Наилучшие пожелания Питера и мои Вам и леди Резерфорд. Надеюсь, что вы не безумно заняты в городе и имеете возможность проводить время в коттедже.

Искренне Ваша

Анна Капица».

Прошло совсем немного времени, и Анна Алексеевна вместе с детьми переехала жить в Россию. Положение Петра Леонидовича укрепилось, он смог сам напрямую писать письма Резерфорду. Опять, как раньше, это был мужской диалог о науке и жизни. Но Анна Алексеевна навсегда сохранила глубокую благодарность Резерфорду за поддержку в такое трудное для нее время. И, может быть, ее поразительная стойкость и твердый характер, которые удивляли всех знавших Анну Алексеевну, во многом были сформированы в долгих беседах еще совсем молодой женщины и выдающегося ученого и учителя.

В 1937 году, когда так неожиданно для всех Резерфорд скончался, она написала его жене:

«14 ноября 1937 г., Москва

Дорогая леди Резерфорд,

Я пишу Вам, чтобы сказать, что мы оба переживаем и сочувствуем Вам в Вашем огромном горе.

Я никогда не забуду, как были добры и какое участие проявили ко мне и Вы, и лорд Резерфорд, когда я осталась одна в Кембридже. Даже когда лорд Резерфорд был утомлен или занят, он всегда находил время поговорить со мной и выслушать меня. Я никогда не забуду, что без его помощи и без его активного интереса к судьбе Капицы нам ничего не удалось бы достичь. Эта искренняя заинтересованность в судьбе окружающих сделала лорда Резерфорда таким дорогим для всех нас.

Я хотела бы напомнить Вам, что в далекой Москве у Вас есть два человека, глубоко преданных памяти лорда Резерфорда и Вам.

Искренне Ваша

Анна Капица».

«Дирак, ты настоящий и очень драгоценный друг…» (Публикация Е. Капицы.)

Переписка Анны Алексеевны Капицы и Поля Дирака относится к одному из наиболее драматических периодов в жизни семьи Капиц — 1935 году.

Почти весь этот год Анна Алексеевна боролась за то, чтобы Петру Леонидовичу разрешили вернуться в Кембридж и продолжить там свою работу. Много сил она тратила на объяснение позиции Капицы ученым и общественным деятелям не только Англии, но и других стран. Среди них были как люди настроенные благожелательно по отношению к советской России, так и ее резкие оппоненты.
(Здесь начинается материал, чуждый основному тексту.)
(* s alternates: odd positions (1st, 3rd, ...) in I \ J,
   even positions in J \ I, and s has even length. *)
Definition alternating (I J : {fset nat}) (s : seq nat) : Prop :=
  ~~ odd (size s) /\
  (forall p, (p < size s)%N ->
     if odd p then nth 0%N s p \in J `\` I else nth 0%N s p \in I `\` J) /\
  cyc_increasing s.

Definition interlacing (r : nat) (I J : {fset nat}) : Prop :=
  (exists s, size s = (2 * r)%N /\ alternating I J s) /\
  (forall s, alternating I J s -> (size s <= 2 * r)%N).

Definition tightly_interlacing (k r : nat) (I J : {fset nat}) : Prop :=
  interlacing r I J /\ #|` I `&` J| = (k - r)%N.

Local Open Scope ring_scope.

Definition mx2 (a b c d : Ct) : 'M[Ct]_2 :=
  \matrix_(p < 2, q < 2)
    if p == 0 then (if q == 0 then a else b) else (if q == 0 then c else d).

Definition E2 : 'M[Ct]_2 := mx2 1 0 0 1.

(* i, j : nat -> nat enumerate I \ J = {i_1..i_r} and J \ I = {j_1..j_r}
   (indices 1..r), b : nat -> Ct gives b_1 .. b_{2r}. *)
Definition MIJ_x (I J : {fset nat}) (r : nat) (i j : nat -> nat)
    (b : nat -> Ct) (a : nat) : 'M[Ct]_2 :=
  if [pick l : 'I_r | i l.+1 == a] is Some l then
    mx2 tt_ (b (2 * l.+1 - 1)%N) 0 1
  else if [pick l : 'I_r | j l.+1 == a] is Some l then
    mx2 1 (b (2 * l.+1)%N) 0 tt_
  else if (a \in I) && (a \in J) then E2
  else tt_ *: E2.

Definition MIJ_y (I J : {fset nat}) (r : nat) (i j : nat -> nat)
    (b : nat -> Ct) (a : nat) : 'M[Ct]_2 :=
  if [pick l : 'I_r | i l.+1 == a] is Some l then
    mx2 1 (- b (2 * l.+1 - 1)%N) 0 tt_
  else if [pick l : 'I_r | j l.+1 == a] is Some l then
    mx2 tt_ (- b (2 * l.+1)%N) 0 1
  else if (a \in I) && (a \in J) then tt_ *: E2
  else E2.

(* Every arrow of M(I,J) satisfies x_a y_a = y_a x_a = t, which gives the
   relations xy = yx and the action of t at once.  Since t is central and a
   non-zero-divisor, x^k = y^(n-k) reduces to the cycle x_n ... x_1 being
   t^(n-k): conjugating by x_a shows that every rotation of the cycle is then
   t^(n-k) too, and telescoping the y_a x_a = t gives
   t^(n-k) x^k = y^(n-k) x^(n-k) x^k = y^(n-k) t^(n-k).  All the matrices are
   upper triangular; the diagonal of x_m ... x_1 is
   (t^#{a <= m | a \notin J}, t^#{a <= m | a \notin I}), i.e. (t^(n-k), t^(n-k))
   for m = n, and its corner entry is governed by the partial sums of the b_l
   met so far, so it vanishes at m = n because the b_l sum to 0. *)

From HB Require Import structures.
From mathcomp Require Import all_boot all_order all_algebra.
From mathcomp Require Import finmap.
From mathcomp Require Import zify ring.
Import GRing.Theory.

Set Implicit Arguments.
Unset Strict Implicit.
Unset Printing Implicit Defensive.

Local Open Scope ring_scope.

Section CyclicProducts.

Variables (A : nzRingType) (c : A) (x y : nat -> A).
Hypothesis c_central : forall a, GRing.comm c a.
Hypothesis c_lreg : GRing.lreg c.
Hypothesis x_mul_y : forall a, x a * y a = c.
Hypothesis y_mul_x : forall a, y a * x a = c.

Lemma commrX_central m a : GRing.comm (c ^+ m) a.
Proof. exact/commr_sym/commrX/commr_sym/c_central. Qed.

Lemma prod_y_mul_prod_x m w :
  \prod_(q < m) y (w + 1 + q)%N * \prod_(q < m) x (w + m - q)%N = c ^+ m.
Proof.
elim: m w => [|m IH] w; first by rewrite !big_ord0 mulr1.
rewrite big_ord_recl big_ord_recr /=.
have -> : \prod_(q < m) y (w + 1 + bump 0 q)%N = \prod_(q < m) y (w.+1 + 1 + q)%N.
  by apply: eq_bigr => q _; congr y; rewrite /bump; lia.
have -> : \prod_(q < m) x (w + m.+1 - widen_ord (leqnSn m) q)%N =
          \prod_(q < m) x (w.+1 + m - q)%N.
  by apply: eq_bigr => q _; congr x; rewrite /=; lia.
have -> : (w + m.+1 - @ord_max m)%N = (w + 1)%N by rewrite /=; lia.
rewrite addn0 -mulrA (mulrA (\prod_(q < m) _)) IH mulrA.
by rewrite -(commrX_central m) -mulrA y_mul_x -exprSr.
Qed.
Let interface_values k (u1 u2 : R) : (1 <= k <= N - 1)%nat -> 0 < u1 -> 0 < u2 ->
  u2 / u1 <= gamma k ->
  at_ k (z k) * ct k (z k) ^ 2 * (Iw k + A k) / u1 <=
  ap (S k) (z k) * cp (S k) (z k) ^ 2 * A (S k) / u2.
Proof.
  intros Hk Hu1 Hu2 Hga. rewrite HArec by exact Hk.
  assert (Hk1 : (1 <= k <= N)%nat) by lia.
  assert (Hk2 : (1 <= S k <= N)%nat) by lia.
  assert (Hzk : z (pred k) <= z k <= z k) by (assert (H := piece_lt k Hk1); lra).
  assert (Hzk' : z k <= z k <= z (S k)) by (assert (H := Hz k ltac:(lia)); lra).
  rewrite !tilde_at_left.
  apply interface_le; try assumption.
  - left. apply tilde_pos, Hzk. intros; apply Hap; assumption.
  - apply Hap; assumption.
  - apply pow_le. left. apply tilde_pos, Hzk. intros; apply Hcp; assumption.
  - apply pow_lt, Hcp; assumption.
  - apply Rplus_le_le_0_compat; [|apply A_nonneg, Hk1].
    apply RInt_weight_nonneg; [apply piece_lt, Hk1|apply Hap, Hk1|apply Hcp, Hk1].
  - apply Rmax_l.
  - apply Rmax_l.
Qed.

Lemma q_increasing x y j k : (1 <= j <= N)%nat -> (1 <= k <= N)%nat ->
  z (pred j) < x < z j -> z (pred k) < y < z k -> x < y -> q x < q y.
Proof.
  apply (piecewise_increasing N z q Hz).
  - intros i Hi. exact (q_increasing_on_piece _ _ (A i) (ap i) (cp i) q (piece_lt i Hi)
                          (A_nonneg i Hi) (Hap i Hi) (Hcp i Hi) (Hq i Hi)).
  - intros i Hi x' y' Hx Hy.
    assert (Hi1 : (1 <= i <= N)%nat) by lia. assert (Hi2 : (1 <= S i <= N)%nat) by lia.
    assert (Hleft := q_lt_right_value _ _ _ _ _ q (piece_lt i Hi1) (A_nonneg i Hi1)
                       (Hap i Hi1) (Hcp i Hi1) (Hq i Hi1) x' Hx).
    assert (Hright := q_gt_left_value _ _ _ _ _ q (piece_lt (S i) Hi2) (A_nonneg (S i) Hi2)
                        (Hap (S i) Hi2) (Hcp (S i) Hi2) (Hq (S i) Hi2) y' Hy).
    assert (Hjump := interface_values i 1 1 Hi Rlt_0_1 Rlt_0_1
                       ltac:(rewrite Rdiv_1_r; apply Rmax_r)).
    rewrite !Rdiv_1_r in Hjump. cbn [pred] in Hright. lra.
Qed.
Definition convex_in (Q S : R -> Prop) : Prop :=
  (forall x, S x -> Q x) /\
  (forall a m b, S a -> S b -> a <= m <= b -> Q m -> S m).

Definition between (a m b : R) : Prop := a <= m <= b \/ b <= m <= a.

Lemma convex_in_between Q S a m b :
  convex_in Q S -> S a -> S b -> between a m b -> Q m -> S m.
Proof. intros [_ HS] Ha Hb [Hm | Hm] Hq; eauto. Qed.

Lemma between_three x y z : between y x z \/ between x y z \/ between x z y.
Proof.
  unfold between.
  destruct (Rle_or_lt x y), (Rle_or_lt y z), (Rle_or_lt x z); lra.
Qed.

Lemma convex_in_triple Q A B C :
  convex_in Q A -> convex_in Q B -> convex_in Q C ->
  (forall x, A x -> B x -> C x) \/ (forall x, A x -> C x -> B x) \/
  (forall x, B x -> C x -> A x).
Proof.
  intros hA hB hC.
  destruct (classic (exists x, A x /\ B x /\ ~ C x)) as [(x & Ax & Bx & nCx) | nAB].
  2: { left; intros x Ax Bx; apply NNPP; intro; apply nAB; eauto. }
  destruct (classic (exists y, A y /\ C y /\ ~ B y)) as [(y & Ay & Cy & nBy) | nAC].
  2: { right; left; intros y Ay Cy; apply NNPP; intro; apply nAC; eauto. }
  right; right; intros z Bz Cz; apply NNPP; intro nAz.
  (* Whichever of x, y, z lies in the middle belongs to the set containing the
     other two. *)
  destruct (between_three x y z) as [Hx | [Hy | Hz]].
  - exact (nCx (convex_in_between Q C y x z hC Cy Cz Hx (proj1 hA x Ax))).
  - exact (nBy (convex_in_between Q B x y z hB Bx Bz Hy (proj1 hA y Ay))).
  - exact (nAz (convex_in_between Q A x z y hA Ax Ay Hz (proj1 hB z Bz))).
Qed.

Lemma convex_in_helly_pair {X : Type} (S : X -> R -> Prop) Q (C0 : X) (G : list X) :
  (forall C, In C (C0 :: G) -> convex_in Q (S C)) ->
  exists A B, In A (C0 :: G) /\ In B (C0 :: G) /\
    forall x, S A x -> S B x -> forall C, In C (C0 :: G) -> S C x.
Proof.
  revert C0; induction G as [|C1 G IH]; intros C0 hG.
  - exists C0, C0; repeat split; try now left.
    intros x Hx _ C [<- | []]; exact Hx.
  - destruct (IH C1) as (A & B & iA & iB & hAB).
    { intros C iC; apply hG; right; exact iC. }
    destruct (convex_in_triple Q (S A) (S B) (S C0))
      as [H | [H | H]]; try (apply hG; simpl in *; tauto).
    + exists A, B; repeat split; try (right; assumption).
      intros x Ax Bx C [<- | iC]; auto.
    + exists A, C0; repeat split; try (now right); try (now left).
      intros x Ax Cx C [<- | iC]; auto.
    + exists B, C0; repeat split; try (now right); try (now left).
      intros x Bx Cx C [<- | iC]; auto.
Qed.

Lemma convex_in_disjoint_sides Q A B :
  convex_in Q A -> convex_in Q B -> (forall x, A x -> B x -> False) ->
  (forall a b, A a -> B b -> a < b) \/ (forall a b, A a -> B b -> b < a).
Proof.
  intros hA hB disj.
  destruct (classic (exists a b, A a /\ B b /\ b <= a)) as [(a & b & Aa & Bb & ba) | nba].
  2: { left; intros a b Aa Bb; apply Rnot_le_lt; intro; apply nba; eauto. }
  right; intros a' b' Aa' Bb'; apply Rnot_le_lt; intro ab'.
  destruct (Rle_or_lt a' b).
  - apply (disj b); [|exact Bb].
    apply (convex_in_between Q A a' b a); auto; [left; lra | exact (proj1 hB b Bb)].
  - destruct (Rle_or_lt a b').
    + apply (disj a); [exact Aa|].
      apply (convex_in_between Q B b a b'); auto; [left; lra | exact (proj1 hA a Aa)].
    + apply (disj a'); [exact Aa'|].
      apply (convex_in_between Q B b a' b'); auto; [left; lra | exact (proj1 hA a' Aa')].
Qed.

Lemma convex_in_colorful_pair {X : Type} (S : X -> R -> Prop) Q (G1 G2 : list X) :
  G1 <> [] -> G2 <> [] ->
  (forall C, In C G1 -> convex_in Q (S C)) ->
  (forall C, In C G2 -> convex_in Q (S C)) ->
  (forall x, ~ (forall C, In C G1 -> S C x)) ->
  (forall x, ~ (forall C, In C G2 -> S C x)) ->
  exists A B, In A G1 /\ In B G2 /\ forall x, S A x -> S B x -> False.
Proof.
  intros ne1 ne2 cv1 cv2 empty1 empty2.
  destruct G1 as [|C1 G1]; [congruence|]; destruct G2 as [|C2 G2]; [congruence|].
  destruct (convex_in_helly_pair S Q C1 G1 cv1) as (A1 & B1 & iA1 & iB1 & H1).
  destruct (convex_in_helly_pair S Q C2 G2 cv2) as (A2 & B2 & iA2 & iB2 & H2).
  assert (disj1 : forall x, S A1 x -> S B1 x -> False) by (intros x ? ?; apply (empty1 x); auto).
  assert (disj2 : forall x, S A2 x -> S B2 x -> False) by (intros x ? ?; apply (empty2 x); auto).
  apply NNPP; intro none.
  assert (meet : forall A B, In A (C1 :: G1) -> In B (C2 :: G2) -> exists x, S A x /\ S B x).
  { intros A B iA iB; apply NNPP; intro nx; apply none.
    exists A, B; repeat split; auto; intros x ? ?; apply nx; eauto. }
  destruct (meet A1 A2 iA1 iA2) as (p & p1 & p2), (meet B1 A2 iB1 iA2) as (q & q1 & q2),
    (meet A1 B2 iA1 iB2) as (r & r1 & r2), (meet B1 B2 iB1 iB2) as (t & t1 & t2).
  (* A1 lies on one side of B1 and A2 on one side of B2; each combination of
     sides contradicts the order of two of the meeting points p, q, r, t. *)
  destruct (convex_in_disjoint_sides Q _ _ (cv1 A1 iA1) (cv1 B1 iB1) disj1) as [s1 | s1],
    (convex_in_disjoint_sides Q _ _ (cv2 A2 iA2) (cv2 B2 iB2) disj2) as [s2 | s2].
  - pose proof (s1 r q r1 q1); pose proof (s2 q r q2 r2); lra.
  - pose proof (s1 p t p1 t1); pose proof (s2 p t p2 t2); lra.
  - pose proof (s1 p t p1 t1); pose proof (s2 p t p2 t2); lra.
  - pose proof (s1 r q r1 q1); pose proof (s2 q r q2 r2); lra.
Qed.

Lemma in_C_equiv_sub d P C p : in_C_equiv d P C -> C p -> P p.
Proof. intros (I & _ & hC) Cp; apply hC in Cp; tauto. Qed.

Lemma in_C_equiv_level d P C l :
  in_C_equiv d P C -> (1 <= l <= d)%nat ->
  convex_in (fun x => P (x, l)) (fun x => C (x, l)).
Proof.
  intros (I & hI & hC) hl; split.
  - intros x Cx; exact (in_C_equiv_sub d P C _ (ex_intro _ I (conj hI hC)) Cx).
  - intros a m b Ca Cb hm Pm.
    apply hC in Ca as [[_ Ia] _]; apply hC in Cb as [[_ Ib] _].
    apply hC; repeat split; simpl in *; try lia.
    + exact (hI l hl a m b Ia Ib (proj1 hm) (proj2 hm)).
    + exact Pm.
Qed.

Lemma in_C_equiv_colorful_pair d P l (G1 G2 : list pset) :
  (1 <= l <= d)%nat -> G1 <> [] -> G2 <> [] ->
  (forall C, In C G1 -> in_C_equiv d P C) -> (forall C, In C G2 -> in_C_equiv d P C) ->
  ~ (exists x, forall C, In C G1 -> C (x, l)) ->
  ~ (exists x, forall C, In C G2 -> C (x, l)) ->
  exists A B, In A G1 /\ In B G2 /\ forall x, A (x, l) -> B (x, l) -> False.
Proof.
  intros hl ne1 ne2 h1 h2 n1 n2.
  apply (convex_in_colorful_pair (fun C x => C (x, l)) (fun x => P (x, l))); auto.
  - intros C iC; exact (in_C_equiv_level d P C l (h1 C iC) hl).
  - intros C iC; exact (in_C_equiv_level d P C l (h2 C iC) hl).
  - intros x H; apply n1; eauto.
  - intros x H; apply n2; eauto.
Qed.

Local Open Scope nat_scope.

Section Counting.

Context {A : Type} (eq_dec : forall x y : A, {x = y} + {x <> y}).
Notation rm := (remove eq_dec).

Lemma NoDup_rm x L : NoDup L -> NoDup (rm x L).
Proof.
  induction 1 as [|a L naL _ IH]; simpl; [constructor|].
  destruct (eq_dec x a); [exact IH|].
  constructor; [|exact IH].
  intro h; apply in_remove in h; tauto.
Qed.

Lemma length_rm_NoDup x L : NoDup L -> length L <= S (length (rm x L)).
Proof.
  intro ndL; apply (NoDup_incl_length ndL (l' := x :: rm x L)).
  intros y iy; destruct (eq_dec y x) as [-> | ne]; [left | right]; auto.
  apply in_in_remove; auto.
Qed.

Lemma pigeonhole_rel {B : Type} (R : B -> A -> Prop) (l1 : list B) : forall l2,
  NoDup l1 -> length l2 < length l1 ->
  (forall b, In b l1 -> exists a, In a l2 /\ R b a) ->
  exists a b b', In a l2 /\ In b l1 /\ In b' l1 /\ b <> b' /\ R b a /\ R b' a.
Proof.
  induction l1 as [|b l1 IH]; intros l2 nd hlen hR; simpl in hlen; [lia|].
  inversion nd as [|? ? nb nd1]; subst.
  destruct (hR b (or_introl eq_refl)) as (a & ia & Rba).
  destruct (classic (exists b', In b' l1 /\ R b' a)) as [(b' & ib' & Rb'a) | none].
  { exists a, b, b'; repeat split; simpl; auto.
    intros ->; contradiction. }
  destruct (IH (rm a l2) nd1) as (a' & c & c' & ia' & ic & ic' & ne & Rc & Rc').
  - pose proof (remove_length_lt eq_dec l2 a ia); lia.
  - intros c ic; destruct (hR c (or_intror ic)) as (a' & ia' & Rca').
    exists a'; split; [|exact Rca'].
    apply in_in_remove; [intros ->; apply none; eauto | exact ia'].
  - apply in_remove in ia'.
    exists a', c, c'; repeat split; simpl; tauto.
Qed.

Definition at_least (n : nat) (P : A -> Prop) (L : list A) : Prop :=
  exists S, NoDup S /\ incl S L /\ n <= length S /\ forall x, In x S -> P x.

Lemma at_least_zero P L : at_least 0 P L.
Proof.
  exists []; repeat split; [constructor | intros ? [] | lia | intros ? []].
Qed.

Lemma at_least_impl n P Q L :
  at_least n P L -> (forall x, In x L -> P x -> Q x) -> at_least n Q L.
Proof.
  intros (S & ndS & iS & lS & hS) hPQ.
  exists S; repeat split; auto.
Qed.

Lemma at_least_witness n P L : at_least (S n) P L -> exists x, In x L /\ P x.
Proof.
  intros ([|x S] & _ & iS & lS & hS); simpl in lS; [lia|].
  exists x; split; [apply iS | apply hS]; left; reflexivity.
Qed.

Lemma at_least_remove n P L x : at_least (S n) P L -> at_least n P (rm x L).
Proof.
  intros (S & ndS & iS & lS & hS).
  exists (rm x S); repeat split.
  - apply NoDup_rm, ndS.
  - intros y iy; apply in_remove in iy as [iy ne].
    apply in_in_remove; auto.
  - pose proof (length_rm_NoDup x S ndS); lia.
  - intros y iy; apply in_remove in iy; apply hS; tauto.
Qed.

Lemma at_least_cons n P L x :
  In x L -> P x -> at_least n P (rm x L) -> at_least (S n) P L.
Proof.
  intros ix Px (S & ndS & iS & lS & hS).
  exists (x :: S); repeat split; simpl.
  - constructor; [intro h; apply iS in h; exact (remove_In eq_dec L x h) | exact ndS].
  - intros y [<- | iy]; [exact ix | apply iS in iy; apply in_remove in iy; tauto].
  - lia.
  - intros y [<- | iy]; auto.
Qed.

Lemma partition_pred (P : A -> Prop) (L : list A) :
  exists G Bl, Permutation L (G ++ Bl) /\
    (forall x, In x G -> P x) /\ (forall x, In x Bl -> ~ P x).
Proof.
  induction L as [|a L (G & Bl & perm & hG & hBl)].
  - exists [], []; repeat split; [constructor | intros ? [] | intros ? []].
  - destruct (classic (P a)) as [Pa | nPa].
    + exists (a :: G), Bl; repeat split; [now constructor | |auto].
      intros x [<- | ix]; auto.
    + exists G, (a :: Bl); repeat split; [now apply Permutation_cons_app | auto |].
      intros x [<- | ix]; auto.
Qed.

Lemma at_least_split k P L :
  NoDup L -> at_least k P L \/ at_least (length L + 1 - k) (fun x => ~ P x) L.
Proof.
  intro ndL.
  destruct (partition_pred P L) as (G & Bl & perm & hG & hBl).
  assert (ndGB : NoDup (G ++ Bl)) by exact (Permutation_NoDup perm ndL).
  assert (inL : incl (G ++ Bl) L) by (intros x ix; exact (Permutation_in _ (Permutation_sym perm) ix)).
  pose proof (Permutation_length perm) as lenL; rewrite length_app in lenL.
  destruct (le_gt_dec k (length G)); [left; exists G | right; exists Bl]; repeat split; auto.
  - exact (NoDup_app_remove_r _ _ ndGB).
  - intros x ix; apply inL, in_or_app; left; exact ix.
  - exact (NoDup_app_remove_l _ _ ndGB).
  - intros x ix; apply inL, in_or_app; right; exact ix.
  - lia.
Qed.

Lemma at_least_disjoint_length s Q (M L : list A) :
  NoDup M -> incl M L -> (forall x, In x M -> ~ Q x) -> at_least s Q L ->
  length M + s <= length L.
Proof.
  intros ndM iM hM (S & ndS & iS & lS & hS).
  assert (nd : NoDup (M ++ S)).
  { apply NoDup_app; auto. intros x xM xS; exact (hM x xM (hS x xS)). }
  pose proof (NoDup_incl_length nd (incl_app iM iS)) as H.
  rewrite length_app in H; lia.
Qed.

End Counting.

Notation rm := (remove Nat.eq_dec).
From Stdlib Require Import Reals Lra Lia ClassicalEpsilon Classical.
From Coquelicot Require Import Coquelicot.
Open Scope R_scope.

(* Write [x] and [xt] for the expected allocations [q r] of [M] and of the
   dominating mechanism, and [d = ut - u] for the utility gap.  Incentive
   compatibility of both mechanisms gives
     d s - d t >= (t - s) (xt t - x s)          for all s, t,
   and for a floor-randomized mechanism below the efficient quantity the
   surplus is a nondecreasing function of the expected allocation.  Hence
   dominance forces d <= 0 wherever xt <= x, and at the lowest type.  If d
   became positive somewhere, then past the last point where d <= 0 we would
   have x <= xt, so d would be nonincreasing there by the inequality above,
   while d rises at rate at most qbar: impossible, so d <= 0 everywhere.
   Finally, at a type th > thl with xt th > x th, left continuity of x gives
   a slightly lower type t with x t < xt th, and the inequality gives
   d th < d t <= 0.  At th = thl the assumption pins the floor at the lowest
   type, so both mechanisms are null above thl and only d thl < 0 can make
   the domination strict. *)

Section Decrement.

Variables (d x : R -> R) (a b : R).

Hypothesis decrement :
  forall s t, a <= s -> s < t -> t <= b -> d s - d t >= (t - s) * (x t - x s).

Lemma decrement_telescope h k :
  0 < h -> a + INR k * h <= b ->
  d a - d (a + INR k * h) >= h * (x (a + INR k * h) - x a).
Proof.
  intros Hh. induction k as [|k IH]; intros Hk.
  - replace (a + INR 0 * h) with a by (simpl; ring). lra.
  - rewrite S_INR in *. assert (0 <= INR k) by apply pos_INR.
    specialize (IH ltac:(nra)).
    pose proof (decrement (a + INR k * h) (a + (INR k + 1) * h)
                  ltac:(nra) ltac:(nra) Hk) as Hstep.
    replace (a + (INR k + 1) * h - (a + INR k * h)) with h in Hstep by ring.
    nra.
Qed.
Lemma not_antipalindromic_repeat_overlap B k : antipalindromic B ->
  k < binlen B -> ~~ odd k -> ~~ antipalindromic (B * 2 ^ k + B).
Proof.
move=> antiB lt_kL even_k; apply/negP => antiA.
(* No carry into bit L means T * 2^k + B < 2^L, with T the low L - k bits of B;
   bit L - 1 of A then forces bit k of B to 0, i.e. the top bit of T to 1. *)
have evenB := antipalindromic_even antiB.
have /antipalindromicP[B_gt0 evenL symB] := antiB.
have /antipalindromicP[_ evenM symA] := antiA.
have lenA : binlen (B * 2 ^ k + B) = binlen B + k.
  by apply: binlen_repeat; rewrite // oddD (negbTE evenL) (negbTE evenM) (negbTE even_k).
have modA := antipalindromic_repeat_modn antiB antiA lenA (ltnW lt_kL).
move: symA modA; rewrite lenA; set L := binlen B in lt_kL evenL symB *.
set A := _ + B => symA modA; set T := B %% 2 ^ (L - k).
have L_gt0 : 0 < L by apply: leq_ltn_trans lt_kL.
have split_pred : L - k - 1 + k = L.-1 by lia.
have /andP[loB _] := binlen_bounds B_gt0.
have modA_lt : T * 2 ^ k + B < 2 ^ L by rewrite -modA ltn_mod expn_gt0.
have bitA_top : bit A L.-1 = 1.
  rewrite -(@bit_modn A L) ?ltn_predL // modA bit_msb // prednK // modA_lt andbT.
  exact: leq_trans loB (leq_addl _ _).
have bitA_k : bit A k = bit B k.
  by rewrite /bit /A divnMDl ?expn_gt0 // oddD (negbTE evenB).
have bitB_k : bit B k = 0.
  have := symA k (ltn_addr _ lt_kL).
  by rewrite subnAC addnK subn1 bitA_top bitA_k addn1 => /eqP; rewrite eqSS => /eqP.
have bitT_top : bit T (L - k - 1) = 1.
  have := symB k lt_kL; rewrite bitB_k add0n subnAC => bitB_mirror.
  by rewrite /T bit_modn // subn1 ltn_predL subn_gt0.
have T_ge : 2 ^ (L - k - 1) <= T.
  by rewrite leqNgt; apply/negP => /bit_small; rewrite bitT_top.
have T_hi : 2 ^ L.-1 <= T * 2 ^ k.
  by rewrite -split_pred expnD leq_mul2r T_ge orbT.
have two_halves : 2 ^ L = 2 ^ L.-1 + 2 ^ L.-1.
  by rewrite addnn -mul2n -expnS prednK.
by have := leq_ltn_trans (leq_add T_hi loB) modA_lt; rewrite two_halves ltnn.
Qed.

Lemma antipalindromic_repeatE B k : antipalindromic B -> ~~ odd k ->
  antipalindromic (B * 2 ^ k + B) <-> binlen B = k.
Proof.
move=> antiB even_k; split=> [antiA|<-]; last exact: antipalindromic_repeat_binlen.
have B_gt0 : 0 < B by case/antipalindromicP: antiB.
case: (ltngtP (binlen B) k) => // [lt_Lk|lt_kL].
  by move/negP: (not_antipalindromic_repeat_gap B_gt0 lt_Lk).
by move/negP: (not_antipalindromic_repeat_overlap antiB lt_kL even_k).
Qed.

Lemma odd_leq1 b : b <= 1 -> odd b = b :> nat.
Proof. by case: b => [|[]]. Qed.

Lemma bit_double_add v c j : c <= 1 ->
  bit (v * 2 + c) j = if j is j'.+1 then bit v j' else c.
Proof.
move=> c_le1; case: j => [|j].
  by rewrite /bit divn1 oddD oddM andbF odd_leq1.
by rewrite -[j.+1]add1n -bit_divn expn1 divnMDl // divn_small ?addn0.
Qed.

Definition antipal_word w u := u < 2 ^ w /\ antisym_bits w u.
В этой ситуации для Анны Алексеевны особенно важна была поддержка близких друзей. К таким людям, безусловно, относился Поль Дирак. В письмах Дирака к Анне Алексеевне чувствуется теплое, даже нежное к ней отношение. Каким счастьем для нее было иметь в этот трудный период такого преданного, готового все для нее сделать друга. Кроме того, Дирак уже в те годы имел колоссальный авторитет в научном мире.